[PROVIDED INFORMATION — start]

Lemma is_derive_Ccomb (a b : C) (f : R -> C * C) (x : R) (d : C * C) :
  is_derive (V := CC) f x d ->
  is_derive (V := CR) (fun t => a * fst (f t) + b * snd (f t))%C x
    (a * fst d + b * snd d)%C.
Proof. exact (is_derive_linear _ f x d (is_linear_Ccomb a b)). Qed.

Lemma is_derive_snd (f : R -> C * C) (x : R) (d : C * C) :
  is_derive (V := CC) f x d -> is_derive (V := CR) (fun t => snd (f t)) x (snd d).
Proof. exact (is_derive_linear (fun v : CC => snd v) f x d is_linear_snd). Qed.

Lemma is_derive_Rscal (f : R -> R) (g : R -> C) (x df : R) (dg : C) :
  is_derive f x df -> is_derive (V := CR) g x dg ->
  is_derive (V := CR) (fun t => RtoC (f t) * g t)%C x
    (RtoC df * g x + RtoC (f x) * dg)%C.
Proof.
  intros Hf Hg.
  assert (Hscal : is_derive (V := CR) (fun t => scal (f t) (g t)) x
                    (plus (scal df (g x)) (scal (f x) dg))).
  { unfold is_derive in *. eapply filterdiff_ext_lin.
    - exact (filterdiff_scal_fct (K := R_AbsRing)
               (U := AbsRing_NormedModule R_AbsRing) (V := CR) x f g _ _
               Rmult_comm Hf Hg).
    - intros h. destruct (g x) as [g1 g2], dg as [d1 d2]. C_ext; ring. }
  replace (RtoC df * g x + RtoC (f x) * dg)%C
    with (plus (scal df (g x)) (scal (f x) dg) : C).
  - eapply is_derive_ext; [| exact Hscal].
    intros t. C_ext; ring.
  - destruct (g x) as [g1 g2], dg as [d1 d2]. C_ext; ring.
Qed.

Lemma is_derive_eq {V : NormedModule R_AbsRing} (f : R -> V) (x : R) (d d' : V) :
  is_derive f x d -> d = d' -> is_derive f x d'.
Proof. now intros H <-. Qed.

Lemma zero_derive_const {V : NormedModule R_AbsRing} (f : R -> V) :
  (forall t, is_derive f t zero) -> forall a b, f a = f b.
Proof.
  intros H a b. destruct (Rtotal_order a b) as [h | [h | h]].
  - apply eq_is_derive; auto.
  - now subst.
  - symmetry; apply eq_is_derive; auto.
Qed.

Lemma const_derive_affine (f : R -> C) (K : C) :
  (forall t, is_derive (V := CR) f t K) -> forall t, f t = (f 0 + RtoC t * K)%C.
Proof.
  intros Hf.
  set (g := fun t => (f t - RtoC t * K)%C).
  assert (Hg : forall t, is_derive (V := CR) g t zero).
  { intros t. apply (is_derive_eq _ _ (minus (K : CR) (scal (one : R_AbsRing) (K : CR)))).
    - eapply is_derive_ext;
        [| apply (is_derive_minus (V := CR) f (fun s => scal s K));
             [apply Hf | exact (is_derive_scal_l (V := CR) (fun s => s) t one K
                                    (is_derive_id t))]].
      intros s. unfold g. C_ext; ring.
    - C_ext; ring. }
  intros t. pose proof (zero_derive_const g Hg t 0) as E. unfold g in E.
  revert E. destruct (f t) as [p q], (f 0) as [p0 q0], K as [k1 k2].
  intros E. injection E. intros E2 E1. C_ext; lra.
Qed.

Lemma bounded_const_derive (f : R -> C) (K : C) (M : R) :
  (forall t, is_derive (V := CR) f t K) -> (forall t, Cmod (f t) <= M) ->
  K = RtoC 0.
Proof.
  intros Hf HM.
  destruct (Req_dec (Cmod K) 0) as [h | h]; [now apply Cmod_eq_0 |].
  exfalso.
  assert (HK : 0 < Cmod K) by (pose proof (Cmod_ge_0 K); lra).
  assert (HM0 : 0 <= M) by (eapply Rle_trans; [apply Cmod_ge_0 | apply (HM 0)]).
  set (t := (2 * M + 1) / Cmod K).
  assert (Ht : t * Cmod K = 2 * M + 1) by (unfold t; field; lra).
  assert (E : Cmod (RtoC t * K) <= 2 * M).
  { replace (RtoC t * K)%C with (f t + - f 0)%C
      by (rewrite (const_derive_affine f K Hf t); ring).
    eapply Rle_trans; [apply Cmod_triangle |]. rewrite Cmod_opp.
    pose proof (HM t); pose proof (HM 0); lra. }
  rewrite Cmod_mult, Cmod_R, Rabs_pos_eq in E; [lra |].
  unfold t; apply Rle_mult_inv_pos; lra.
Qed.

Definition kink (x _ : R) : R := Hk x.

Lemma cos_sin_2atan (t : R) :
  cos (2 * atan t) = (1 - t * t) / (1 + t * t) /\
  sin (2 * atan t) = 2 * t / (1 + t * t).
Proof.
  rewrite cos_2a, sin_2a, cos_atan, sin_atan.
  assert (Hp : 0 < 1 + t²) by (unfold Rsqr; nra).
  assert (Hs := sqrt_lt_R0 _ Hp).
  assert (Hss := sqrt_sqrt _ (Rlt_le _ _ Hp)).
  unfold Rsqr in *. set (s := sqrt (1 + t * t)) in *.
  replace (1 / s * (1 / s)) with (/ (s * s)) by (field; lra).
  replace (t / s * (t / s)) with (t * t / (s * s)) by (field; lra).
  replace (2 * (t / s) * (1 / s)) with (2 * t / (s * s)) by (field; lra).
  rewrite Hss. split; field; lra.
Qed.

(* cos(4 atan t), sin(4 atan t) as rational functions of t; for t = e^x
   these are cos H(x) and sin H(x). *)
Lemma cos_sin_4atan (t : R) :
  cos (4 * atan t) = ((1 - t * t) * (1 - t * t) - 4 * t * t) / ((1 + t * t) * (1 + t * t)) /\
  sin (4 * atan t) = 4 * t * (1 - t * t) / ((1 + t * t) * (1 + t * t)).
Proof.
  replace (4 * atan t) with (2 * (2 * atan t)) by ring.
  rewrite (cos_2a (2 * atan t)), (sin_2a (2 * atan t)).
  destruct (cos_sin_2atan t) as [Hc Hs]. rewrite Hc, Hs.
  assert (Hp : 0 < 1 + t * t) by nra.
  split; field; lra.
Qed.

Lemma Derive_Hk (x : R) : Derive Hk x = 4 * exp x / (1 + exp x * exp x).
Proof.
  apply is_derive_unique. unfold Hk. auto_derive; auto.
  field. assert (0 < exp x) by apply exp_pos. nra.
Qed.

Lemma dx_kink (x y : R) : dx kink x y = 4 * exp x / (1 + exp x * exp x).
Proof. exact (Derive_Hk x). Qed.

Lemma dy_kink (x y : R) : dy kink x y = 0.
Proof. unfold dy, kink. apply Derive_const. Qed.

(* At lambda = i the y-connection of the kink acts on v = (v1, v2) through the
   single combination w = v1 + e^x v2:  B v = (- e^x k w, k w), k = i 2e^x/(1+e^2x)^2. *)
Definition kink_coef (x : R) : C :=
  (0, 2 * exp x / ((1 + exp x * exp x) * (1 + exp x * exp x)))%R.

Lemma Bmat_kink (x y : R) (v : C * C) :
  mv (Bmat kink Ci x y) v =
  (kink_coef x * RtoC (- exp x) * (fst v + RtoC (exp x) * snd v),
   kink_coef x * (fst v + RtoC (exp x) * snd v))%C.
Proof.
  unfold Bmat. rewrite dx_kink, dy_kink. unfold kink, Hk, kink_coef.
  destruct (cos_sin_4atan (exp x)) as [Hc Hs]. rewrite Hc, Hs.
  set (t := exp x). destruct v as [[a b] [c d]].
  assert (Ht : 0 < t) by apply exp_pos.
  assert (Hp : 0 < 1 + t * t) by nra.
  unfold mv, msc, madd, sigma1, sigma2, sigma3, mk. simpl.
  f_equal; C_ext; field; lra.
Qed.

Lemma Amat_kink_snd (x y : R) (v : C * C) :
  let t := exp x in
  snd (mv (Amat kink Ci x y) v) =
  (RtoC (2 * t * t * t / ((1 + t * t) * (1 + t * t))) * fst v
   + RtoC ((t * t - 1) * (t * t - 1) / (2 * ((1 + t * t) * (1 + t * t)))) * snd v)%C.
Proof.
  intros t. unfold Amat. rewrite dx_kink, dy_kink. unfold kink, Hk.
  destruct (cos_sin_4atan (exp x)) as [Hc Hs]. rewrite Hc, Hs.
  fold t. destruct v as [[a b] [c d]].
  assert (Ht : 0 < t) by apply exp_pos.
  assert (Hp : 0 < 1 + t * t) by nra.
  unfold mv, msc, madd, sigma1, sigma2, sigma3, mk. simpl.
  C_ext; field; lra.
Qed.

[PROVIDED INFORMATION — finish]

**TRY IT**
When you reach the line containing "sin (2 * atan t) = 2 * t / (1 + t * t)." in the data above, start copying exactly, and stop after the line containing "replace (t /".

**TASK RESULT**
  sin (2 * atan t) = 2 * t / (1 + t * t).
Proof.
  rewrite cos_2a, sin_2a, cos_atan, sin_atan.
  assert (Hp : 0 < 1 + t²) by (unfold Rsqr; nra).
  assert (Hs := sqrt_lt_R0 _ Hp).
  assert (Hss := sqrt_sqrt _ (Rlt_le _ _ Hp)).
  unfold Rsqr in *. set (s := sqrt (1 + t * t)) in *.
  replace (1 / s * (1 / s)) with (/ (s * s)) by (field; lra).
  replace (t / s * (t / s)) with (t * t / (s * s)) by (field; lra).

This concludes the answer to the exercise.